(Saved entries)
========================================================================
(* Let $L$ be an ordered two-component flat virtual link diagram with components $1$ and $2$, and let $1\cap 2$ denote the set of flat classical crossings at which a strand of component $1$ crosses a strand of component $2$. Then the integer $$i(L)=\sum_{x\in 1\cap 2}\operatorname{sgn}(x)$$ is invariant under flat virtual equivalence, i.e. it is unchanged by all flat classical Reidemeister moves and all flat virtual Reidemeister moves applied to the link diagram.
   Context: A flat virtual link diagram is a finite collection of oriented closed curves immersed in the plane whose only singularities are finitely many transverse double points, each of which is either a flat classical crossing (a crossing with no over/under information) or a virtual crossing (drawn encircled). Flat virtual equivalence is the equivalence relation generated by planar isotopy, the flat classical Reidemeister moves (the shadows of Reidemeister moves 1, 2, 3, with no over/under data) and the flat virtual Reidemeister moves (the virtual moves V1, V2, V3 involving only virtual crossings, and the mixed move in which a strand containing only virtual crossings is passed across a flat classical crossing). Flat moves may be applied between different components. For $x\in 1\cap 2$, $\operatorname{sgn}(x)=+1$ if the pair (tangent vector of component $1$ at $x$, tangent vector of component $2$ at $x$) is a positively oriented basis of the plane, and $\operatorname{sgn}(x)=-1$ otherwise. Virtual crossings do not contribute. *)

(* Flat virtual 2-component link diagrams are modelled by
   their (ordered, two-component) flat Gauss diagrams. *)
From mathcomp Require Import all_boot all_algebra.
From Stdlib Require Import Relations.
Set Implicit Arguments. Unset Strict Implicit. Unset Printing Implicit Defensive.
Import GRing.Theory.

(* A passage of a component through a flat classical crossing: (label, mark).
   mark = true  iff the tangent vector of this strand is the FIRST vector of
   the positively oriented basis (tangent of this strand, tangent of the other
   strand) at that crossing.  Virtual crossings are not recorded. *)
Definition passage := (nat * bool)%type.
(* a component: the cyclic sequence of its passages through classical crossings *)
Definition word := seq passage.
Definition gauss2 := (word * word)%type.

Definition labels (w : word) : seq nat := map fst w.

Definition wf_gauss2 (L : gauss2) : Prop :=
  forall n, n \in labels (L.1 ++ L.2) ->
    count_mem (n, true) (L.1 ++ L.2) = 1%N /\ count_mem (n, false) (L.1 ++ L.2) = 1%N.

(* ---- templates: a diagram with holes where a local move takes place ---- *)
Inductive item := Pass of nat & bool | Hole of nat.
Definition template := (seq item * seq item)%type.

Definition fill_word (f : nat -> word) (w : seq item) : word :=
  flatten (map (fun it => match it with Pass n b => [:: (n, b)] | Hole j => f j end) w).
Definition fillT (f : nat -> word) (T : template) : gauss2 :=
  (fill_word f T.1, fill_word f T.2).

Definition isHole (j : nat) (it : item) : bool :=
  if it is Hole j' then j' == j else false.
Definition template_ok (k : nat) (T : template) : bool :=
  all (fun it => if it is Hole j then (j < k)%N else true) (T.1 ++ T.2) &&
  all (fun j => count (isHole j) (T.1 ++ T.2) == 1%N) (iota 0 k).
Definition tlabels (T : template) : seq nat :=
  pmap (fun it => if it is Pass n _ then Some n else None) (T.1 ++ T.2).

Definition relabel (f : nat -> nat) (L : gauss2) : gauss2 :=
  ([seq (f p.1, p.2) | p <- L.1], [seq (f p.1, p.2) | p <- L.2]).

(* flat R1: a kink on one strand *)
Definition R1fill (n : nat) (b : bool) (j : nat) : word := [:: (n, b); (n, ~~ b)].
(* flat R2: two strands (holes 0 and 1) crossing twice at n, m, with opposite
   signs; par = the second strand runs parallel (else antiparallel) *)
Definition R2fill (n m : nat) (b par : bool) (j : nat) : word :=
  match j with
  | 0 => [:: (n, b); (m, ~~ b)]
  | _ => if par then [:: (n, ~~ b); (m, b)] else [:: (m, b); (n, ~~ b)]
  end.
(* flat R3: strands a, b, c (holes 0, 1, 2), crossings x = a∩b, y = a∩c,
   z = b∩c.  fa = along a, x comes before y; fb = along b, x before z;
   fc = along c, y before z.  e = orientation class of the triangle.
   The admissible sign patterns (those realised by three oriented lines
   bounding a triangle) are: sign(t_a,t_b) = e * f_a * f_b etc. *)
Definition R3fill (x y z : nat) (e fa fb fc : bool) (j : nat) : word :=
  let pab := (e == (fa == fb)) in
  let pac := (e == (fa == fc)) in
  let pbc := (e == (fb == fc)) in
  match j with
  | 0 => if fa then [:: (x, pab); (y, pac)] else [:: (y, pac); (x, pab)]
  | 1 => if fb then [:: (x, ~~ pab); (z, pbc)] else [:: (z, pbc); (x, ~~ pab)]
  | _ => if fc then [:: (y, ~~ pac); (z, ~~ pbc)] else [:: (z, ~~ pbc); (y, ~~ pac)]
  end.

Inductive flat_step : gauss2 -> gauss2 -> Prop :=
| step_rot1 (k : nat) (L : gauss2) : flat_step L (rot k L.1, L.2)
| step_rot2 (k : nat) (L : gauss2) : flat_step L (L.1, rot k L.2)
| step_relabel (f : nat -> nat) (L : gauss2) : injective f -> flat_step L (relabel f L)
| step_R1 (T : template) (n : nat) (b : bool) :
    template_ok 1 T -> n \notin tlabels T ->
    flat_step (fillT (fun _ => [::]) T) (fillT (R1fill n b) T)
| step_R2 (T : template) (n m : nat) (b par : bool) :
    template_ok 2 T -> n \notin tlabels T -> m \notin tlabels T -> n != m ->
    flat_step (fillT (fun _ => [::]) T) (fillT (R2fill n m b par) T)
| step_R3 (T : template) (x y z : nat) (e fa fb fc : bool) :
    template_ok 3 T -> uniq [:: x; y; z] ->
    all (fun l => l \notin tlabels T) [:: x; y; z] ->
    flat_step (fillT (R3fill x y z e fa fb fc) T)
              (fillT (R3fill x y z e (~~ fa) (~~ fb) (~~ fc)) T).

(* flat virtual equivalence (virtual moves and planar isotopy act trivially
   on Gauss diagrams) *)
Definition flat_equiv : gauss2 -> gauss2 -> Prop := clos_refl_sym_trans gauss2 flat_step.

Definition cross12 (L : gauss2) : seq nat :=
  undup [seq p.1 | p <- L.1 & p.1 \in labels L.2].
(* sgn x = +1 iff (tangent of comp. 1, tangent of comp. 2) is positive at x *)
Definition sgn12 (L : gauss2) (x : nat) : int :=
  if (x, true) \in L.1 then 1%R else (-1)%R.
Definition index12 (L : gauss2) : int := (\sum_(x <- cross12 L) sgn12 L x)%R.

From mathcomp Require Import all_boot all_algebra.
From Stdlib Require Import Relations.
Set Implicit Arguments. Unset Strict Implicit. Unset Printing Implicit Defensive.
Import GRing.Theory.
Local Open Scope ring_scope.

(* The index is a sum of local contributions, one per crossing label [x],
   and the contribution of [x] only depends on which of the passages
   [(x, true)], [(x, false)] occur on which component.  Rotations and
   relabelings do not change these memberships, and a flat R3 move only
   reorders passages inside the three filled strands.  A flat R1 move adds
   a crossing of a strand with itself, which contributes nothing; a flat R2
   move adds two crossings of opposite signs whose contributions cancel. *)

Definition contrib_of (t1 f1 t2 f2 : bool) : int :=
  if (t1 || f1) && (t2 || f2) then (if t1 then 1 else -1) else 0.

Definition contrib (L : gauss2) (x : nat) : int :=
  contrib_of ((x, true) \in L.1) ((x, false) \in L.1)
             ((x, true) \in L.2) ((x, false) \in L.2).

Lemma mem_labels (w : word) x :
  (x \in labels w) = ((x, true) \in w) || ((x, false) \in w).
Proof.
apply/mapP/orP => [[[y []] yw /= ->]|[xw|xw]];
  by [left | right | exists (x, true) | exists (x, false)].
Qed.

Lemma mem_cross12 L x :
  (x \in cross12 L) = (x \in labels L.1) && (x \in labels L.2).
Proof.
rewrite mem_undup; apply/mapP/andP => [[p]|[/mapP[p pL1 ->] xL2]].
  by rewrite mem_filter => /andP[pL2 pL1] ->; split=> //; apply: map_f.
by exists p; rewrite // mem_filter xL2.
Qed.

Lemma index12_big_contrib L (S : seq nat) :
  uniq S -> {subset labels L.1 <= S} -> index12 L = \sum_(x <- S) contrib L x.
Proof.
move=> uS sub.
have -> : \sum_(x <- S) contrib L x = \sum_(x <- S | x \in cross12 L) sgn12 L x.
  rewrite [RHS]big_mkcond; apply: eq_bigr => x _.
  by rewrite /contrib /contrib_of mem_cross12 !mem_labels /sgn12; case: ifP.
rewrite -big_filter; apply: perm_big; apply: uniq_perm.
- exact: undup_uniq.
- exact: filter_uniq.
move=> x; rewrite mem_filter; case Cx: (x \in cross12 L) => //=.
by apply/esym/sub; move: Cx; rewrite mem_cross12 => /andP[].
Qed.

Lemma index12_big_contrib2 L L' :
  let S := undup (labels (L.1 ++ L'.1)) in
  index12 L = \sum_(x <- S) contrib L x /\ index12 L' = \sum_(x <- S) contrib L' x.
Proof.
have uS := undup_uniq (labels (L.1 ++ L'.1)).
by split; apply: index12_big_contrib => // x x1;
  rewrite mem_undup /labels map_cat mem_cat x1 ?orbT.
Qed.

Lemma eq_index12_contrib L L' : contrib L =1 contrib L' -> index12 L = index12 L'.
Proof.
have [-> ->] := index12_big_contrib2 L L'.
by move=> eqLL'; apply: eq_bigr => x _.
Qed.

Lemma eq_index12_contrib2 L L' n m : n != m ->
  (forall x, x != n -> x != m -> contrib L x = contrib L' x) ->
  contrib L n + contrib L m = contrib L' n + contrib L' m ->
  index12 L = index12 L'.
Proof.
move=> nm eqLL' eqnm.
set r := [seq x <- undup (labels (L.1 ++ L'.1)) | (x != n) && (x != m)].
have uS : uniq (n :: m :: r).
  rewrite /= !inE !mem_filter !eqxx andbF /= orbF nm.
  exact: filter_uniq (undup_uniq _).
have sub x : x \in labels (L.1 ++ L'.1) -> x \in n :: m :: r.
  move=> x1; rewrite !inE mem_filter mem_undup x1 andbT.
  by case: (x == n); case: (x == m).
rewrite (@index12_big_contrib L _ uS); last first.
  by move=> x x1; apply: sub; rewrite /labels map_cat mem_cat x1.
rewrite (@index12_big_contrib L' _ uS); last first.
  by move=> x x1; apply: sub; rewrite /labels map_cat mem_cat x1 orbT.
rewrite !big_cons !addrA eqnm; congr (_ + _).
by apply: eq_big_seq => x; rewrite mem_filter => /andP[/andP[xn xm] _]; apply: eqLL'.
Qed.

Lemma mem_relabel_word (f : nat -> nat) (w : word) x c : injective f ->
  ((f x, c) \in [seq (f p.1, p.2) | p : passage <- w]) = ((x, c) \in w).
Proof.
move=> inj_f.
have inj_g : injective (fun p : passage => (f p.1, p.2)).
  by move=> [a b] [a' b'] [/inj_f -> ->].
exact: (mem_map inj_g w (x, c)).
Qed.

Lemma index12_relabel (f : nat -> nat) L :
  injective f -> index12 (relabel f L) = index12 L.
Proof.
move=> inj_f; set S := undup (labels L.1).
have uS : uniq (map f S) by rewrite (map_inj_uniq inj_f) undup_uniq.
rewrite (@index12_big_contrib (relabel f L) _ uS); last first.
  by move=> _ /mapP[p /mapP[q qL1 ->] ->]; rewrite /= map_f // mem_undup map_f.
rewrite (@index12_big_contrib L S) ?undup_uniq //; last by move=> x; rewrite mem_undup.
by rewrite big_map; apply: eq_bigr => x _; rewrite /contrib !mem_relabel_word.
Qed.

Lemma has_bounded (s : seq nat) k P : (forall j, j \in s -> (j < k)%N) ->
  has P s = has (fun j => (j \in s) && P j) (iota 0 k).
Proof.
move=> s_lt; apply/hasP/hasP => [[j js Pj]|[j _ /andP[]]]; last by exists j.
by exists j; rewrite ?js // mem_iota add0n s_lt.
Qed.

Definition holes (w : seq item) : seq nat :=
  pmap (fun it => if it is Hole j then Some j else None) w.

Definition nofill : nat -> word := fun _ => [::].

Lemma fill_word_cons f it w : fill_word f (it :: w) =
  (match it with Pass n b => [:: (n, b)] | Hole j => f j end)
  ++ fill_word f w.
Proof. by case: it. Qed.

Lemma mem_fill f w p : (p \in fill_word f w) =
  (p \in fill_word nofill w) || has (fun j => p \in f j) (holes w).
Proof.
elim: w => [|[n c|j] w IH] //; rewrite !fill_word_cons !mem_cat IH /=.
  by rewrite orbA.
by rewrite orbCA.
Qed.

Lemma eq_mem_fill f g w : (forall j, f j =i g j) -> fill_word f w =i fill_word g w.
Proof.
move=> eqfg p; rewrite [LHS]mem_fill [RHS]mem_fill.
by congr orb; apply: eq_has => j; apply: eqfg.
Qed.

Lemma fresh_fill T n c : n \notin tlabels T ->
  ((n, c) \in fill_word nofill T.1) = false /\ ((n, c) \in fill_word nofill T.2) = false.
Proof.
have lab w : (n, c) \in fill_word nofill w ->
    n \in pmap (fun it => if it is Pass n _ then Some n else None) w.
  elim: w => [|[n' c'|j] w IH] //; rewrite fill_word_cons mem_cat //=.
  by rewrite !inE => /orP[/eqP[-> _]|/IH ->]; rewrite ?eqxx ?orbT.
rewrite /tlabels pmap_cat mem_cat negb_or => /andP[n1 n2].
by split; apply/negP => /lab; apply/negP.
Qed.

Lemma mem_holes j w : (j \in holes w) = (0 < count (isHole j) w)%N.
Proof.
by elim: w => [|[n c|j'] w IH] //=; rewrite inE IH eq_sym; case: (j' == j).
Qed.

Section TemplateHoles.

Variables (k : nat) (T : template).
Hypothesis T_ok : template_ok k T.

Lemma template_hole_bound j : (j \in holes T.1) || (j \in holes T.2) -> (j < k)%N.
Proof.
case/andP: T_ok => bound _; move: bound; rewrite /holes -mem_cat -pmap_cat.
elim: (T.1 ++ T.2) => [|[n c|j'] w IH] //= /andP[jk /IH jw] //.
by case/predU1P=> [->|/jw].
Qed.

Lemma template_hole_side j : (j < k)%N -> (j \in holes T.2) = ~~ (j \in holes T.1).
Proof.
move=> jk; case/andP: T_ok => _ /allP /(_ j); rewrite mem_iota add0n jk => /(_ isT).
rewrite count_cat !mem_holes.
by case: (count _ T.1) => [|[|a]]; case: (count _ T.2) => [|[|b]]; rewrite ?addnS.
Qed.

Lemma has_holes1 P :
  has P (holes T.1) = has (fun j => (j \in holes T.1) && P j) (iota 0 k).
Proof. by apply: has_bounded => j j1; rewrite template_hole_bound ?j1. Qed.

Lemma has_holes2 P :
  has P (holes T.2) = has (fun j => (j \in holes T.2) && P j) (iota 0 k).
Proof. by apply: has_bounded => j j2; rewrite template_hole_bound ?j2 ?orbT. Qed.

End TemplateHoles.

Lemma index12_R1 T n b : template_ok 1 T -> n \notin tlabels T ->
  index12 (fillT nofill T) = index12 (fillT (R1fill n b) T).
Proof.
move=> T_ok fresh_n; apply: eq_index12_contrib => x.
rewrite /contrib /= !(mem_fill (R1fill n b)) !(has_holes1 T_ok) !(has_holes2 T_ok) /=.
rewrite (template_hole_side T_ok) // /R1fill !inE !xpair_eqE.
have [->|xn] := eqVneq x n; last by rewrite !andFb !orbF !andbF !orbF.
have [t1 t2] := fresh_fill true fresh_n; have [f1 f2] := fresh_fill false fresh_n.
by rewrite t1 t2 f1 f2; case: (0 \in holes T.1); case: b.
Qed.

Lemma index12_R2 T n m b par : template_ok 2 T ->
  n \notin tlabels T -> m \notin tlabels T -> n != m ->
  index12 (fillT nofill T) = index12 (fillT (R2fill n m b par) T).
Proof.
move=> T_ok fresh_n fresh_m nm; apply: (eq_index12_contrib2 nm) => [x xn xm|];
  rewrite /contrib /= !(mem_fill (R2fill n m b par)) !(has_holes1 T_ok)
          !(has_holes2 T_ok) /= !(template_hole_side T_ok) // /R2fill.
  by case: par; rewrite !inE !xpair_eqE (negbTE xn) (negbTE xm)
    !andFb !orbF !andbF !orbF.
have [t1 t2] := fresh_fill true fresh_n; have [f1 f2] := fresh_fill false fresh_n.
have [t1' t2'] := fresh_fill true fresh_m; have [f1' f2'] := fresh_fill false fresh_m.
have mn : m != n by rewrite eq_sym.
rewrite t1 t2 f1 f2 t1' t2' f1' f2'.
case: par; rewrite !inE !xpair_eqE !eqxx (negbTE nm) (negbTE mn) ?andTb ?andFb;
  by case: (0 \in holes T.1); case: (1 \in holes T.1); case: b.
Qed.

Lemma R3fill_flip_mem x y z e fa fb fc j :
  R3fill x y z e fa fb fc j =i R3fill x y z e (~~ fa) (~~ fb) (~~ fc) j.
Proof.
move=> p; case: j => [|[|j]]; case: fa; case: fb; case: fc;
  by rewrite /R3fill /= !inE orbC.
Qed.

Lemma index12_step L L' : flat_step L L' -> index12 L = index12 L'.
Proof.
case=> {L L'} [k L|k L|f L inj_f|T n b|T n m b par|T x y z e fa fb fc _ _ _].
- by apply: eq_index12_contrib => x; rewrite /contrib /= !mem_rot.
- by apply: eq_index12_contrib => x; rewrite /contrib /= !mem_rot.
- by rewrite index12_relabel.
- exact: index12_R1.
- exact: index12_R2.
apply: eq_index12_contrib => p.
by rewrite /contrib /= !(eq_mem_fill _ (@R3fill_flip_mem x y z e fa fb fc)).
Qed.

Theorem mainTheorem1 (L L' : gauss2) :
  wf_gauss2 L -> flat_equiv L L' -> index12 L = index12 L'.
Proof.
move=> _; elim=> {L L'} [L L' /index12_step //|//|L L' _ -> //|L L' L'' _ -> _ -> //].
Qed.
========================================================================
Your task is to return each line of the data above that contains the string "bool".

Definition passage := (nat * bool)%type.
Inductive item := Pass of nat & bool | Hole of nat.
Definition isHole (j : nat) (it : item) : bool :=
Definition template_ok (k : nat) (T : template) : bool :=
Definition R1fill (n : nat) (b : bool) (j : nat) : word := [:: (n, b); (n, ~~ b)].
Definition R2fill (n m : nat) (b par : bool) (j : nat) : word :=
Definition R3fill (x y z : nat) (e fa fb fc : bool) (j : nat) : word :=
| step_R1 (T : template) (n : nat) (b : bool) :
| step_R2 (T : template) (n m : nat) (b par : bool) :
| step_R3 (T : template) (x y z : nat) (e fa fb fc : bool) :
Definition contrib_of (t1 f1 t2 f2 : bool) : int :=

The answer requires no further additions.